- WHAT IS BEING ASKED -
The required output is every line from the beginning of the entries below through the line that includes "Inductive cong (E", copied exactly.

--- START ---

Definition linear_inference (phi psi : form) : Prop :=
  linear phi /\ linear psi /\ forall s, eval s phi -> eval s psi.

Fixpoint dual (f : form) : form :=
  match f with
  | Top => Bot
  | Bot => Top
  | Var x => NVar x
  | NVar x => Var x
  | And a b => Or (dual a) (dual b)
  | Or a b => And (dual a) (dual b)
  end.

Fixpoint subst (sg : nat -> form) (f : form) : form :=
  match f with
  | Top => Top
  | Bot => Bot
  | Var x => sg x
  | NVar x => dual (sg x)
  | And a b => And (subst sg a) (subst sg b)
  | Or a b => Or (subst sg a) (subst sg b)
  end.

Inductive ac_ax : form -> form -> Prop :=
| ac_and_comm a b : ac_ax (And a b) (And b a)
| ac_or_comm a b : ac_ax (Or a b) (Or b a)
| ac_and_assoc a b c : ac_ax (And a (And b c)) (And (And a b) c)
| ac_or_assoc a b c : ac_ax (Or a (Or b c)) (Or (Or a b) c).

Inductive u_ax : form -> form -> Prop :=
| u_andT_r a : u_ax (And a Top) a
| u_andT_l a : u_ax (And Top a) a
| u_orB_r a : u_ax (Or a Bot) a
| u_orB_l a : u_ax (Or Bot a) a
| u_andB_r a : u_ax (And a Bot) Bot
| u_andB_l a : u_ax (And Bot a) Bot
| u_orT_r a : u_ax (Or a Top) Top
| u_orT_l a : u_ax (Or Top a) Top.

Inductive cong (E : form -> form -> Prop) : form -> form -> Prop :=
| cong_ax a b : E a b -> cong E a b
| cong_refl a : cong E a a
| cong_sym a b : cong E a b -> cong E b a
| cong_trans a b c : cong E a b -> cong E b c -> cong E a c
| cong_and_l a b c : cong E a b -> cong E (And a c) (And b c)
| cong_and_r a b c : cong E a b -> cong E (And c a) (And c b)
| cong_or_l a b c : cong E a b -> cong E (Or a c) (Or b c)
| cong_or_r a b c : cong E a b -> cong E (Or c a) (Or c b).

Definition ac_eq := cong ac_ax.
Definition u_eq := cong u_ax.
Definition acu_eq := cong (fun a b => ac_ax a b \/ u_ax a b).

Inductive rstep (S : form -> form -> Prop) : form -> form -> Prop :=
| rstep_inst a b sg :
    S a b -> linear (subst sg a) -> linear (subst sg b) ->
    rstep S (subst sg a) (subst sg b)
| rstep_and_l a b c : rstep S a b -> linear (And a c) -> linear (And b c) ->
    rstep S (And a c) (And b c)
| rstep_and_r a b c : rstep S a b -> linear (And c a) -> linear (And c b) ->
    rstep S (And c a) (And c b)
| rstep_or_l a b c : rstep S a b -> linear (Or a c) -> linear (Or b c) ->
    rstep S (Or a c) (Or b c)
| rstep_or_r a b c : rstep S a b -> linear (Or c a) -> linear (Or c b) ->
    rstep S (Or c a) (Or c b).

Definition rstep_u (S : form -> form -> Prop) (phi psi : form) : Prop :=
  exists phi' psi', acu_eq phi phi' /\ rstep S phi' psi' /\ acu_eq psi' psi.

Definition dstep (S : form -> form -> Prop) (a b : form) : Prop :=
  linear a /\ linear b /\ (rstep_u S a b \/ acu_eq a b).

Inductive rtc (R : form -> form -> Prop) : form -> form -> Prop :=
| rtc_refl a : rtc R a a
| rtc_step a b c : R a b -> rtc R b c -> rtc R a c.

Definition derivable_u (S : form -> form -> Prop) (phi psi : form) : Prop :=
  rtc (dstep S) phi psi.

Definition switch_l : form := And (Var 0) (Or (Var 1) (Var 2)).
Definition switch_r : form := Or (And (Var 0) (Var 1)) (Var 2).
Definition medial_l : form := Or (And (Var 0) (Var 1)) (And (Var 2) (Var 3)).
Definition medial_r : form := And (Or (Var 0) (Var 2)) (Or (Var 1) (Var 3)).

Definition smr (phi' psi' : form) (a b : form) : Prop :=
  (a = switch_l /\ b = switch_r) \/ (a = medial_l /\ b = medial_r) \/
  (a = phi' /\ b = psi').

From mathcomp Require Import all_boot.
Set Implicit Arguments. Unset Strict Implicit. Unset Printing Implicit Defensive.

(* Take phi' := phi with every literal on a variable not in psi replaced by
   Top, and psi' := psi with every literal on a variable not in phi replaced
   by Bot; both live on the shared variables.  Switch alone, modulo units,
   rewrites any subformula A of a linear formula to Top, and Bot to any A, so
   phi derives phi' and psi' derives psi.  The
   inference phi' -> psi' is valid because linearity lets us change an
   assignment on the discarded variables so that each discarded literal takes
   the value of the unit that replaced it. *)

(* Contexts are stored inside-out: the constructor next to the hole comes first. *)
Inductive ctx := Hole | CAL of ctx & form | CAR of form & ctx
               | COL of ctx & form | COR of form & ctx.
Lemma lift_inv_mul d d' :
  d != 0 -> d' != 0 -> inv (i (d * d')) = inv (i d) * inv (i d').
Proof.
move=> dn0 d'n0; apply: (mulr_inverse_unique (invP (mulf_neq0 dn0 d'n0))).
by rewrite rmorphM mulrACA !invP // mulr1.
Qed.

Lemma lift_cross n d n' d' : d != 0 -> d' != 0 -> n * d' = n' * d ->
  i n * inv (i d) = i n' * inv (i d').
Proof.
move=> dn0 d'n0 cross.
transitivity (i n * inv (i d) * (i d' * inv (i d'))); first by rewrite invP // mulr1.
transitivity (i n' * inv (i d') * (i d * inv (i d))); last by rewrite invP // mulr1.
transitivity (i (n * d') * (inv (i d) * inv (i d'))); first by rewrite rmorphM; ring.
by rewrite cross rmorphM; ring.
Qed.

Lemma frac_lift_div n d : d != 0 -> frac_lift (n%:F / d%:F) = i n * inv (i d).
Proof.
move=> dn0; rewrite /frac_lift; set r := repr _.
have E := fraction_numden (n%:F / d%:F); rewrite -/r in E.
apply: lift_cross => //; first exact: denom_ratioP.
apply/eqP; rewrite -tofrac_eq !tofracM -eqr_div ?tofrac_eq0 ?denom_ratioP //.
by rewrite -E.
Qed.

Lemma frac_lift_tofrac d : frac_lift d%:F = i d.
Proof.
have inv1 : inv 1 = 1 by have := invP (oner_neq0 D); rewrite rmorph1 mul1r.
by rewrite -[d%:F]divr1 -tofrac1 frac_lift_div ?oner_eq0 // rmorph1 inv1 mulr1.
Qed.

--- END ---

- ANSWER TO THIS EXERCISE -
Definition linear_inference (phi psi : form) : Prop :=
  linear phi /\ linear psi /\ forall s, eval s phi -> eval s psi.

Fixpoint dual (f : form) : form :=
  match f with
  | Top => Bot
  | Bot => Top
  | Var x => NVar x
  | NVar x => Var x
  | And a b => Or (dual a) (dual b)
  | Or a b => And (dual a) (dual b)
  end.

Fixpoint subst (sg : nat -> form) (f : form) : form :=
  match f with
  | Top => Top
  | Bot => Bot
  | Var x => sg x
  | NVar x => dual (sg x)
  | And a b => And (subst sg a) (subst sg b)
  | Or a b => Or (subst sg a) (subst sg b)
  end.

Inductive ac_ax : form -> form -> Prop :=
| ac_and_comm a b : ac_ax (And a b) (And b a)
| ac_or_comm a b : ac_ax (Or a b) (Or b a)
| ac_and_assoc a b c : ac_ax (And a (And b c)) (And (And a b) c)
| ac_or_assoc a b c : ac_ax (Or a (Or b c)) (Or (Or a b) c).

Inductive u_ax : form -> form -> Prop :=
| u_andT_r a : u_ax (And a Top) a
| u_andT_l a : u_ax (And Top a) a
| u_orB_r a : u_ax (Or a Bot) a
| u_orB_l a : u_ax (Or Bot a) a
| u_andB_r a : u_ax (And a Bot) Bot
| u_andB_l a : u_ax (And Bot a) Bot
| u_orT_r a : u_ax (Or a Top) Top
| u_orT_l a : u_ax (Or Top a) Top.

Inductive cong (E : form -> form -> Prop) : form -> form -> Prop :=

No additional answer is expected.